Once the data has been read, restate all of it exactly.

##########

(* (1) For every tidy fixpoint formula $\xi=\eta x.\chi$, $\Omega_g(\xi)$ has parity $\eta$. (2) If $\phi,\psi$ are tidy fixpoint formulas with $\phi\sqsubseteq_C\psi$, then $\Omega_g(\phi)\le\Omega_g(\psi)$, and $\Omega_g(\phi)<\Omega_g(\psi)$ if $\phi$ and $\psi$ have different types. (3) For every closure cluster $C$ (of tidy formulas), $\mathit{cd}(C)=\mathit{ind}(C)=|\mathrm{Ran}(\Omega_g\restriction_C)|$, where $\mathit{ind}(C)$ is the maximal $n$ such that there are fixpoint formulas $\phi_1,\dots,\phi_n\in C$ with $\Omega_g(\phi_1)<\cdots<\Omega_g(\phi_n)$ and $\Omega_g(\phi_i),\Omega_g(\phi_{i+1})$ of different parity for all $i<n$.
   Context: Syntax. Formulas of the modal $\mu$-calculus are taken in negation normal form: $\phi ::= \top \mid \bot \mid p \mid \neg p \mid x \mid \phi\land\phi\mid\phi\lor\phi\mid\Diamond\phi\mid\Box\phi\mid\mu x.\phi\mid\nu x.\phi$, where $p$ ranges over proposition letters and $x$ over an infinite supply of variables (which occur only positively). The formulas $\top,\bot,p,\neg p,x$ are atomic. $\mathrm{FV}(\phi)$ and $\mathrm{BV}(\phi)$ are the sets of free and bound variables of $\phi$; $\phi$ is tidy if $\mathrm{FV}(\phi)\cap\mathrm{BV}(\phi)=\varnothing$. A fixpoint formula is one of the form $\eta x.\chi$ with $\eta\in\{\mu,\nu\}$; it has type $\eta$, where $\mu$ counts as odd and $\nu$ as even parity, and $\bar\eta$ denotes the other operator. $\chi[\xi/x]$ is the result of replacing every free occurrence of $x$ in $\chi$ by $\xi$; $\xi$ is free for $x$ in $\chi$ if no free variable of $\xi$ becomes bound in $\chi[\xi/x]$. Traces and closure. The trace relation $\rightarrow_C$: $\phi_0\odot\phi_1\rightarrow_C\phi_i$ for $\odot\in\{\land,\lor\}$, $i\in\{0,1\}$; $\heartsuit\phi\rightarrow_C\phi$ for $\heartsuit\in\{\Diamond,\Box\}$; $\eta x.\phi\rightarrow_C\phi[\eta x.\phi/x]$; atomic formulas have no successors. $\twoheadrightarrow_C$ is the reflexive transitive closure of $\rightarrow_C$, $\mathrm{Clos}(\phi)=\{\psi\mid\phi\twoheadrightarrow_C\psi\}$ (a finite set), and a trace is a finite or infinite sequence of formulas with consecutive members related by $\rightarrow_C$. Write $\phi\equiv_C\psi$ iff $\phi\twoheadrightarrow_C\psi$ and $\psi\twoheadrightarrow_C\phi$; its equivalence classes are (closure) clusters, and $C(\phi)$ is the cluster of $\phi$. Free subformulas. $\phi\trianglelefteq_f\psi$ iff $\psi=\chi[\phi/y]$ for some formula $\chi$ and variable $y$ with $y\in\mathrm{FV}(\chi)$ and $\phi$ free for $y$ in $\chi$. Closure order. For a formula $\psi$, write $\rho\twoheadrightarrow_C^{\psi}\sigma$ iff there is a trace $\rho=\chi_0\rightarrow_C\cdots\rightarrow_C\chi_n=\sigma$ ($n\ge0$) with $\psi\trianglelefteq_f\chi_i$ for all $i\le n$. For fixpoint formulas $\phi,\psi$: $\phi\sqsubseteq_C\psi$ iff $\psi\twoheadrightarrow_C^{\psi}\phi$; $\phi\sqsubset_C\psi$ iff $\phi\sqsubseteq_C\psi$ and $\psi\not\sqsubseteq_C\phi$. Chains. An alternating $\sqsubset_C$-chain of length $n$ is a sequence $\eta_1x_1.\chi_1,\dots,\eta_nx_n.\chi_n$ of tidy fixpoint formulas with $\eta_ix_i.\chi_i\sqsubset_C\eta_{i+1}x_{i+1}.\chi_{i+1}$ and $\eta_{i+1}=\bar\eta_i$ for all $i<n$; it starts at the first and leads up to the last formula. For a tidy fixpoint formula $\xi$, $h^\uparrow(\xi)$ (resp. $h^\downarrow(\xi)$) is the maximal length of an alternating $\sqsubset_C$-chain starting at (resp. leading up to) $\xi$. For a cluster $C$, $\mathit{cd}(C)$ is the maximal length of an alternating $\sqsubset_C$-chain inside $C$. Global priority map. For a tidy fixpoint formula $\psi=\eta y.\phi$ let $d=\mathit{cd}(C(\psi))-h^\uparrow(\psi)$ and set $\Omega_g(\psi)=d$ if $d$ has parity $\eta$ and $\Omega_g(\psi)=d+1$ otherwise; $\Omega_g$ is undefined on non-fixpoint formulas. *)

From Stdlib Require Import List Arith ZArith ClassicalEpsilon Relation_Operators.
Import ListNotations.
Set Implicit Arguments.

##########

_TASK ANSWER_
(* (1) For every tidy fixpoint formula $\xi=\eta x.\chi$, $\Omega_g(\xi)$ has parity $\eta$. (2) If $\phi,\psi$ are tidy fixpoint formulas with $\phi\sqsubseteq_C\psi$, then $\Omega_g(\phi)\le\Omega_g(\psi)$, and $\Omega_g(\phi)<\Omega_g(\psi)$ if $\phi$ and $\psi$ have different types. (3) For every closure cluster $C$ (of tidy formulas), $\mathit{cd}(C)=\mathit{ind}(C)=|\mathrm{Ran}(\Omega_g\restriction_C)|$, where $\mathit{ind}(C)$ is the maximal $n$ such that there are fixpoint formulas $\phi_1,\dots,\phi_n\in C$ with $\Omega_g(\phi_1)<\cdots<\Omega_g(\phi_n)$ and $\Omega_g(\phi_i),\Omega_g(\phi_{i+1})$ of different parity for all $i<n$.
   Context: Syntax. Formulas of the modal $\mu$-calculus are taken in negation normal form: $\phi ::= \top \mid \bot \mid p \mid \neg p \mid x \mid \phi\land\phi\mid\phi\lor\phi\mid\Diamond\phi\mid\Box\phi\mid\mu x.\phi\mid\nu x.\phi$, where $p$ ranges over proposition letters and $x$ over an infinite supply of variables (which occur only positively). The formulas $\top,\bot,p,\neg p,x$ are atomic. $\mathrm{FV}(\phi)$ and $\mathrm{BV}(\phi)$ are the sets of free and bound variables of $\phi$; $\phi$ is tidy if $\mathrm{FV}(\phi)\cap\mathrm{BV}(\phi)=\varnothing$. A fixpoint formula is one of the form $\eta x.\chi$ with $\eta\in\{\mu,\nu\}$; it has type $\eta$, where $\mu$ counts as odd and $\nu$ as even parity, and $\bar\eta$ denotes the other operator. $\chi[\xi/x]$ is the result of replacing every free occurrence of $x$ in $\chi$ by $\xi$; $\xi$ is free for $x$ in $\chi$ if no free variable of $\xi$ becomes bound in $\chi[\xi/x]$. Traces and closure. The trace relation $\rightarrow_C$: $\phi_0\odot\phi_1\rightarrow_C\phi_i$ for $\odot\in\{\land,\lor\}$, $i\in\{0,1\}$; $\heartsuit\phi\rightarrow_C\phi$ for $\heartsuit\in\{\Diamond,\Box\}$; $\eta x.\phi\rightarrow_C\phi[\eta x.\phi/x]$; atomic formulas have no successors. $\twoheadrightarrow_C$ is the reflexive transitive closure of $\rightarrow_C$, $\mathrm{Clos}(\phi)=\{\psi\mid\phi\twoheadrightarrow_C\psi\}$ (a finite set), and a trace is a finite or infinite sequence of formulas with consecutive members related by $\rightarrow_C$. Write $\phi\equiv_C\psi$ iff $\phi\twoheadrightarrow_C\psi$ and $\psi\twoheadrightarrow_C\phi$; its equivalence classes are (closure) clusters, and $C(\phi)$ is the cluster of $\phi$. Free subformulas. $\phi\trianglelefteq_f\psi$ iff $\psi=\chi[\phi/y]$ for some formula $\chi$ and variable $y$ with $y\in\mathrm{FV}(\chi)$ and $\phi$ free for $y$ in $\chi$. Closure order. For a formula $\psi$, write $\rho\twoheadrightarrow_C^{\psi}\sigma$ iff there is a trace $\rho=\chi_0\rightarrow_C\cdots\rightarrow_C\chi_n=\sigma$ ($n\ge0$) with $\psi\trianglelefteq_f\chi_i$ for all $i\le n$. For fixpoint formulas $\phi,\psi$: $\phi\sqsubseteq_C\psi$ iff $\psi\twoheadrightarrow_C^{\psi}\phi$; $\phi\sqsubset_C\psi$ iff $\phi\sqsubseteq_C\psi$ and $\psi\not\sqsubseteq_C\phi$. Chains. An alternating $\sqsubset_C$-chain of length $n$ is a sequence $\eta_1x_1.\chi_1,\dots,\eta_nx_n.\chi_n$ of tidy fixpoint formulas with $\eta_ix_i.\chi_i\sqsubset_C\eta_{i+1}x_{i+1}.\chi_{i+1}$ and $\eta_{i+1}=\bar\eta_i$ for all $i<n$; it starts at the first and leads up to the last formula. For a tidy fixpoint formula $\xi$, $h^\uparrow(\xi)$ (resp. $h^\downarrow(\xi)$) is the maximal length of an alternating $\sqsubset_C$-chain starting at (resp. leading up to) $\xi$. For a cluster $C$, $\mathit{cd}(C)$ is the maximal length of an alternating $\sqsubset_C$-chain inside $C$. Global priority map. For a tidy fixpoint formula $\psi=\eta y.\phi$ let $d=\mathit{cd}(C(\psi))-h^\uparrow(\psi)$ and set $\Omega_g(\psi)=d$ if $d$ has parity $\eta$ and $\Omega_g(\psi)=d+1$ otherwise; $\Omega_g$ is undefined on non-fixpoint formulas. *)

From Stdlib Require Import List Arith ZArith ClassicalEpsilon Relation_Operators.
Import ListNotations.
Set Implicit Arguments.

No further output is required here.